- [ABOUT THIS EXERCISE]:
A word-for-word transcript of the closing lines is required: from the one with "From mathcomp Require Import all_classical" through the final line of the data.

- [EXTRACTED MATERIAL]:
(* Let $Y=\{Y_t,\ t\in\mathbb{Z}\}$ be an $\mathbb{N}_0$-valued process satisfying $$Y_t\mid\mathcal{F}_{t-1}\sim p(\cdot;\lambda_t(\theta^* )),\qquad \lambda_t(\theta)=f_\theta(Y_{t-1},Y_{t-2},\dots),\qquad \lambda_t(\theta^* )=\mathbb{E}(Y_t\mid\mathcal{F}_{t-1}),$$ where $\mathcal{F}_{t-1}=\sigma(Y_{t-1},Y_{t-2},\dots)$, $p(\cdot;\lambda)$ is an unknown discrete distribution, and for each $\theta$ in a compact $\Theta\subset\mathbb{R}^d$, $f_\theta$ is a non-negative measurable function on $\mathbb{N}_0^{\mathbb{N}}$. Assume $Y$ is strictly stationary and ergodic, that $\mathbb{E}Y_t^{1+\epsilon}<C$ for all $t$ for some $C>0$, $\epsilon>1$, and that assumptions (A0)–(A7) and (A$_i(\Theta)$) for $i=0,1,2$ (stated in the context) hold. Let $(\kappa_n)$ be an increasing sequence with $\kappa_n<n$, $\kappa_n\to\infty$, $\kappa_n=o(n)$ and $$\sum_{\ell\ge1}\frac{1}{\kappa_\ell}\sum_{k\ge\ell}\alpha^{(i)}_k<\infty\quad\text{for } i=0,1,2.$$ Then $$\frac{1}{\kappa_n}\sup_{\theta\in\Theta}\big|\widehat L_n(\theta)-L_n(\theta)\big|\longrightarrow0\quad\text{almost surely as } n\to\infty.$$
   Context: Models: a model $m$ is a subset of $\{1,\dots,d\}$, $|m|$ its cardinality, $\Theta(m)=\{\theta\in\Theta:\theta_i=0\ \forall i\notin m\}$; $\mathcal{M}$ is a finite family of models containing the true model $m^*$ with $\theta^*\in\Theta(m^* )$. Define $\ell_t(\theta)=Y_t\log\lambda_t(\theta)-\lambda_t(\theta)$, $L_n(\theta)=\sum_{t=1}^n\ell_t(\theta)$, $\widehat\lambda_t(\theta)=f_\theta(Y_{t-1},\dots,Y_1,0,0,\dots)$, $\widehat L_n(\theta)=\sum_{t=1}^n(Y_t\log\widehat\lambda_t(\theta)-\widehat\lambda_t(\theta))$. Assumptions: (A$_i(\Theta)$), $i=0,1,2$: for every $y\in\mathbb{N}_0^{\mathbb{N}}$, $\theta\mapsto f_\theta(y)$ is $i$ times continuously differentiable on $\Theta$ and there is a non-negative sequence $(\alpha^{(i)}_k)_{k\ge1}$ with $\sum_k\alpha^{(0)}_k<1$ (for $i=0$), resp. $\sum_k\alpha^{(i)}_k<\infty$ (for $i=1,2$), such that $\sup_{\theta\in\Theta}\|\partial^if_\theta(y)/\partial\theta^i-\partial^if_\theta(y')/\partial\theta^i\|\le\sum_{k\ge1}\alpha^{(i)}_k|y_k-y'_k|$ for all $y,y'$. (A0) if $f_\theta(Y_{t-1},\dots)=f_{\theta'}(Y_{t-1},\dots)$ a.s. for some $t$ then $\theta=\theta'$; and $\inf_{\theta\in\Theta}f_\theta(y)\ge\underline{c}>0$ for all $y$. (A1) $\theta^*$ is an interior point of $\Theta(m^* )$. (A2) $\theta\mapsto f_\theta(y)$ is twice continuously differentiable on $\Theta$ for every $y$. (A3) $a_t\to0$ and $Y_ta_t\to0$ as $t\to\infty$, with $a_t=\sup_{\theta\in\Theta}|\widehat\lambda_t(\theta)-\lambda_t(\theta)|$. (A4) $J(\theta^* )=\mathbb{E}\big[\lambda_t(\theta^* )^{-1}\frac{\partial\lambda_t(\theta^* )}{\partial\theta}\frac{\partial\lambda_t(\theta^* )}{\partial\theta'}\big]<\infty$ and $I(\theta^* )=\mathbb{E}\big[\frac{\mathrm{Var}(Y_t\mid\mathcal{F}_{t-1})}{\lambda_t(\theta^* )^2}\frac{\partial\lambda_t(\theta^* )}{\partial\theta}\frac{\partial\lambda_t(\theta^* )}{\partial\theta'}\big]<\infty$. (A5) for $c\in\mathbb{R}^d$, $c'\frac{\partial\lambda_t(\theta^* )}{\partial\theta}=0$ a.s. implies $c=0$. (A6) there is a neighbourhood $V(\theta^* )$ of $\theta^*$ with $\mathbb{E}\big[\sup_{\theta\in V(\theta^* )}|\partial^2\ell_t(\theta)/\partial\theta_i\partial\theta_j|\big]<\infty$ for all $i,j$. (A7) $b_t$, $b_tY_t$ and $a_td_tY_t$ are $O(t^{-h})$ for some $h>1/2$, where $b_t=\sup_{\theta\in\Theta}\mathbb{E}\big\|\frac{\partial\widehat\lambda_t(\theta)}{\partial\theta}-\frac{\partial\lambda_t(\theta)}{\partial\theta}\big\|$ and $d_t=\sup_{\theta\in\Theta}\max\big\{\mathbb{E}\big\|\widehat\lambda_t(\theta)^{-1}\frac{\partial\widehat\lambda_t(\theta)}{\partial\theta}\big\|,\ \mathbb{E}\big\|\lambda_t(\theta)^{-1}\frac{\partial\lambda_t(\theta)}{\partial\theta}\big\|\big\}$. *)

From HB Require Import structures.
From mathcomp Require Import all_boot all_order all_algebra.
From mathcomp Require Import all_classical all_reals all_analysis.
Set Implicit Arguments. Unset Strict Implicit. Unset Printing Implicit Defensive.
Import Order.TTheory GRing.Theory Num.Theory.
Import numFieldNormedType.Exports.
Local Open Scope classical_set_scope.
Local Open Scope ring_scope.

- [FINISHED TASK]:
From mathcomp Require Import all_classical all_reals all_analysis.
Set Implicit Arguments. Unset Strict Implicit. Unset Printing Implicit Defensive.
Import Order.TTheory GRing.Theory Num.Theory.
Import numFieldNormedType.Exports.
Local Open Scope classical_set_scope.
Local Open Scope ring_scope.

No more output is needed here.